Associate Professor Steven Rivkin and Professor Geoffrey Woglom, Readers

April 23, 2004

Acknowledgements

First and foremost, thank you to my advisor, Chris Kingston, for countless meetings, discussions, and emails to help develop and organize this thesis over the course of the year. I would also like to give special thanks to Steve Rivkin, for indispensable help with the econometrics involved in the paper. Finally, many thanks to Sumir Meghani, for taking the time to correspond with me and for referring me to numerous papers and data sources that proved important to the development of the paper.

Table of Contents

I.Introduction / 1
II.Growth and Poverty / 5
A.Poverty in India / 5
B.Literature Review: Is Growth Enough? / 7
III.Migration / 13
  1. Migration in India
/ 13
  1. Literature Review: Probabilistic Models and Their Critics
/ 14
IV.Relationships between Poverty and Migration / 18
  1. Demographics of Migration
/ 18
  1. Motivations of Rural-Urban Migration
/ 20
  1. Consequences of Rural-Urban Migration
/ 22
Rural Consequences / 22
Urban Consequences / 25
V.Data and Econometric Models / 28
A.Data / 28
B.Models and Variables / 29
C.Procedures and Results / 32
Basic Results / 32
Lagged Migration / 37
Instrumental Variables / 40
VI.Conclusion / 43
Appendix / 46
Bibliography / 48

I. Introduction

The links between economic growth and poverty reduction are difficult to measure. To begin with, there is considerable variance in the way growth or contraction of a nation’s GDP translates into increases or decreases in average household income or consumption. Compounding this, there is further variance in the way changes in mean incomes translate into changes in the level of poverty (Ravallion and Datt, 2002). While growth is both intuitively and traditionally viewed as having a poverty-reducing effect, some have recently raised doubt as to the strength of the effect (Wolfensohn and Stiglitz, 1999). The concern is that an exclusive focus on growth, the so-called trickle-down approach, ignores crucial facets of the problem. A more complete understanding of the relationship between growth and poverty would lead to more effective development efforts.

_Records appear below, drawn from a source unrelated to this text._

Let q_neq0 : q != 0. Proof. by rewrite gt_eqF. Qed.
Let star_ok : is_star star. Proof. by case: rel. Qed.
Let K_unit p : (1 <= p <= l)%N -> K p \is a GRing.unit.
Proof. by case: rel => _ [KU _ _] _ _ /KU []. Qed.
Let K_star p : (1 <= p <= l)%N -> star (K p) = K p.
Proof. by case: rel => _ [KU _ _] _ _ /KU []. Qed.
Let K_comm p p' : (1 <= p <= l)%N -> (1 <= p' <= l)%N -> GRing.comm (K p) (K p').
Proof. by case: rel => _ [_ KK _] _ _; apply: KK. Qed.
Let K_conj p k : (1 <= p <= l)%N -> (1 <= k <= l)%N ->
  K p * E k * (K p)^-1 = Kcoef q p k *: E k.
Proof. by case: rel => _ [_ _ KE] _ _; apply: KE. Qed.
Let E_serre k k' : (1 <= k <= l)%N -> (1 <= k' <= l)%N ->
  (k == k'.+1) || (k' == k.+1) -> serre q (E k) (E k') = 0.
Proof. by case: rel => _ _ [_ ES _] _; apply: ES. Qed.
Let E_comm k k' : (1 <= k <= l)%N -> (1 <= k' <= l)%N ->
  k != k' -> ~~ ((k == k'.+1) || (k' == k.+1)) -> GRing.comm (E k) (E k').
Proof. by case: rel => _ _ [_ _ EE] _; apply: EE. Qed.
Let Khat_unit : Khat \is a GRing.unit. Proof. by case: rel => _ _ _ []. Qed.
Let Khat_star : star Khat = Khat. Proof. by case: rel => _ _ _ []. Qed.
Let Khat_comm p : (1 <= p <= l)%N -> GRing.comm Khat (K p).
Proof. by case: rel => _ _ _ [_ _ KhK _ _]; apply: KhK. Qed.
Let Khat_conj k : (1 <= k <= l)%N ->
  Khat * E k * Khat^-1 = (if k == l then q else 1) *: E k.
Proof. by case: rel => _ _ _ [_ _ _ _ KhE]; apply: KhE. Qed.
(* Let $\lambda_1,\lambda_2$ and $H$ be as in the context. For every $c>0$ there exists a unique $\widetilde{\theta_c}\in(0,\frac{\pi}{2})\cap(0,\theta_c^+)$ such that $H(c,\widetilde{\theta_c})=0$.
   Context: Either $\lambda_1>\lambda_2>0$ or $\lambda_1=\lambda_2=1$. For $c>0$ put $\theta_c^+=\pi$ if $c>\sqrt2\lambda_1$ and $\theta_c^+=\arccos(1-c^2/\lambda_1^2)$ if $0<c\le\sqrt2\lambda_1$; $\Omega=\{(c,\theta): c>0,\ |\theta|<\theta_c^+\}$. For $(c,\theta)\in\Omega$: $D=\sin\theta/c$; $\varphi$ is the global solution of $\varphi'(u)=\sqrt{c^2+2\cos\theta\,B(u)-D^2B(u)^2}$, $\varphi(0)=0$, where $B(u)=\lambda_1^2\cos^2\varphi(u)+\lambda_2^2\sin^2\varphi(u)$; $U>0$ is the unique number with $\varphi(U)=\pi$; $f$ solves $f'(u)=DB(u)$, $f(0)=0$; $G(u)=\int_0^u\frac{c-\varphi'(s)}{B(s)}ds$; and $H(c,\theta)=Df(U)+cG(U)$. *)

From Stdlib Require Import Reals ClassicalEpsilon.
From Coquelicot Require Import Coquelicot.
Open Scope R_scope.

Definition theta_plus (l1 c : R) : R :=
  if Rlt_dec (sqrt 2 * l1) c then PI else acos (1 - c ^ 2 / l1 ^ 2).

Definition in_Omega (l1 c th : R) : Prop := 0 < c /\ Rabs th < theta_plus l1 c.

Definition Dc (c th : R) : R := sin th / c.

(* B as a function of the angle: B(u) = Bang (phi u) *)
Definition Bang (l1 l2 x : R) : R := l1 ^ 2 * (cos x) ^ 2 + l2 ^ 2 * (sin x) ^ 2.

Definition phi_rhs (l1 l2 c th x : R) : R :=
  sqrt (c ^ 2 + 2 * cos th * Bang l1 l2 x - (Dc c th) ^ 2 * (Bang l1 l2 x) ^ 2).
(* Let $A(x)=-(x-\frac13)^2$ on $[0,1]$, with the two maps $\tau_1(x)=x/2$ and $\tau_2(x)=(x+1)/2$ (the inverse branches of $T(x)=2x \pmod 1$). Let $V_1(x)=\frac{10}{63}-\frac{2x}{21}-\frac{x^2}{3}$, $V_2(x)=\frac{5}{63}+\frac{2x}{7}-\frac{x^2}{3}$, $V_3(x)=\frac{10x}{21}-\frac{x^2}{3}$, $V_4(x)=-\frac{5}{63}+\frac{4x}{7}-\frac{x^2}{3}$, and $V(x)=\max\{V_1(x),V_2(x),V_3(x),V_4(x)\}$. Then $m(A)=-\frac{2}{63}$ and $V$ is a calibrated subaction for $A$, i.e. for every $x\in[0,1]$, $$V(x)=\max\{A(\tau_1(x))+V(\tau_1(x)),\,A(\tau_2(x))+V(\tau_2(x))\}-m(A).$$
   Context: $m(A)$ denotes the supremum of $\int A\,d\rho$ over probabilities $\rho$ invariant for $T(x)=2x\pmod 1$. A calibrated subaction (in this non-periodic setting on $[0,1]$) is a continuous $V:[0,1]\to\mathbb{R}$ with $V(x)=\max_{i\in\{1,2\}}[A(\tau_i(x))+V(\tau_i(x))]-m(A)$ for all $x\in[0,1]$. *)

From HB Require Import structures.
From mathcomp Require Import all_boot all_order all_algebra.
From mathcomp Require Import all_classical all_reals all_analysis.
Set Implicit Arguments. Unset Strict Implicit. Unset Printing Implicit Defensive.
Import Order.TTheory GRing.Theory Num.Theory.
Import numFieldNormedType.Exports.
Local Open Scope classical_set_scope.
Local Open Scope ring_scope.

Definition doubling (R : realType) (x : R) : R := 2 * x - (Num.floor (2 * x))%:~R.

Definition tau1 (R : realType) (x : R) : R := x / 2.
Definition tau2 (R : realType) (x : R) : R := (x + 1) / 2.

Definition T_invariant_prob (R : realType) (mu : probability R R) : Prop :=
  mu `[0%R, 1%R]%classic = 1%E /\
  forall B : set R, measurable B ->
    mu (doubling (R:=R) @^-1` B `&` `[0%R, 1%R]%classic) = mu (B `&` `[0%R, 1%R]%classic).

Definition m_erg (R : realType) (A : R -> R) : \bar R :=
  ereal_sup [set (\int[mu]_(x in `[0%R, 1%R]%classic) (A x)%:E)%E
            | mu in [set mu : probability R R | T_invariant_prob mu]].

Definition calibrated_subaction (R : realType) (A V : R -> R) : Prop :=
  {within `[0%R, 1%R]%classic, continuous V} /\
  forall x : R, x \in `[0, 1] ->
    V x = Num.max (A (tau1 x) + V (tau1 x)) (A (tau2 x) + V (tau2 x))
          - fine (m_erg A).

Definition A0 (R : realType) (x : R) : R := - (x - 3^-1) ^+ 2.
Definition V1 (R : realType) (x : R) : R := 10 / 63 - 2 * x / 21 - x ^+ 2 / 3.
Definition V2 (R : realType) (x : R) : R := 5 / 63 + 2 * x / 7 - x ^+ 2 / 3.
Definition V3 (R : realType) (x : R) : R := 10 * x / 21 - x ^+ 2 / 3.
Definition V4 (R : realType) (x : R) : R := - (5 / 63) + 4 * x / 7 - x ^+ 2 / 3.
Definition V0 (R : realType) (x : R) : R :=
  Num.max (Num.max (V1 x) (V2 x)) (Num.max (V3 x) (V4 x)).

From HB Require Import structures.
From mathcomp Require Import all_boot all_order all_algebra.
From mathcomp Require Import all_classical all_reals all_analysis.
From mathcomp Require Import ring lra measurable_realfun.
Set Implicit Arguments.
Unset Strict Implicit.
Unset Printing Implicit Defensive.
Import Order.TTheory GRing.Theory Num.Theory.
Import numFieldNormedType.Exports.
Local Open Scope classical_set_scope.
Local Open Scope ring_scope.

(* The bound m(A) <= -2/63 is the subaction argument: calibration gives
   A + V + 2/63 <= V o T on [0, 1], and integrating against a T-invariant
   probability, for which V o T and V have the same integral, yields
   \int A <= -2/63.  The bound is attained by the uniform probability on the
   periodic orbit 1/7 -> 2/7 -> 4/7. *)

Section doubling.
Variable R : realType.
Implicit Types x y : R.
Local Notation I01 := `[0%R : R, 1%R]%classic.

Lemma doubling_ge0 x : 0 <= doubling x.
Proof. by rewrite /doubling subr_ge0 Num.Theory.floor_le. Qed.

One of the most important aspects of poverty in developing nations is the disparity between rural and urban areas. Wages, literacy rates, and access to services are likely to be greater in urban areas (Yap, 1977). However, while poverty rates are generally higher in rural areas than in urban areas[1], this is not simply a story of rich cities and poor villages. Often, urban poverty rates, even if lower than rural rates, are alarmingly high. Urban centers in less developed countries are commonly overcrowded and underequipped to handle their populations.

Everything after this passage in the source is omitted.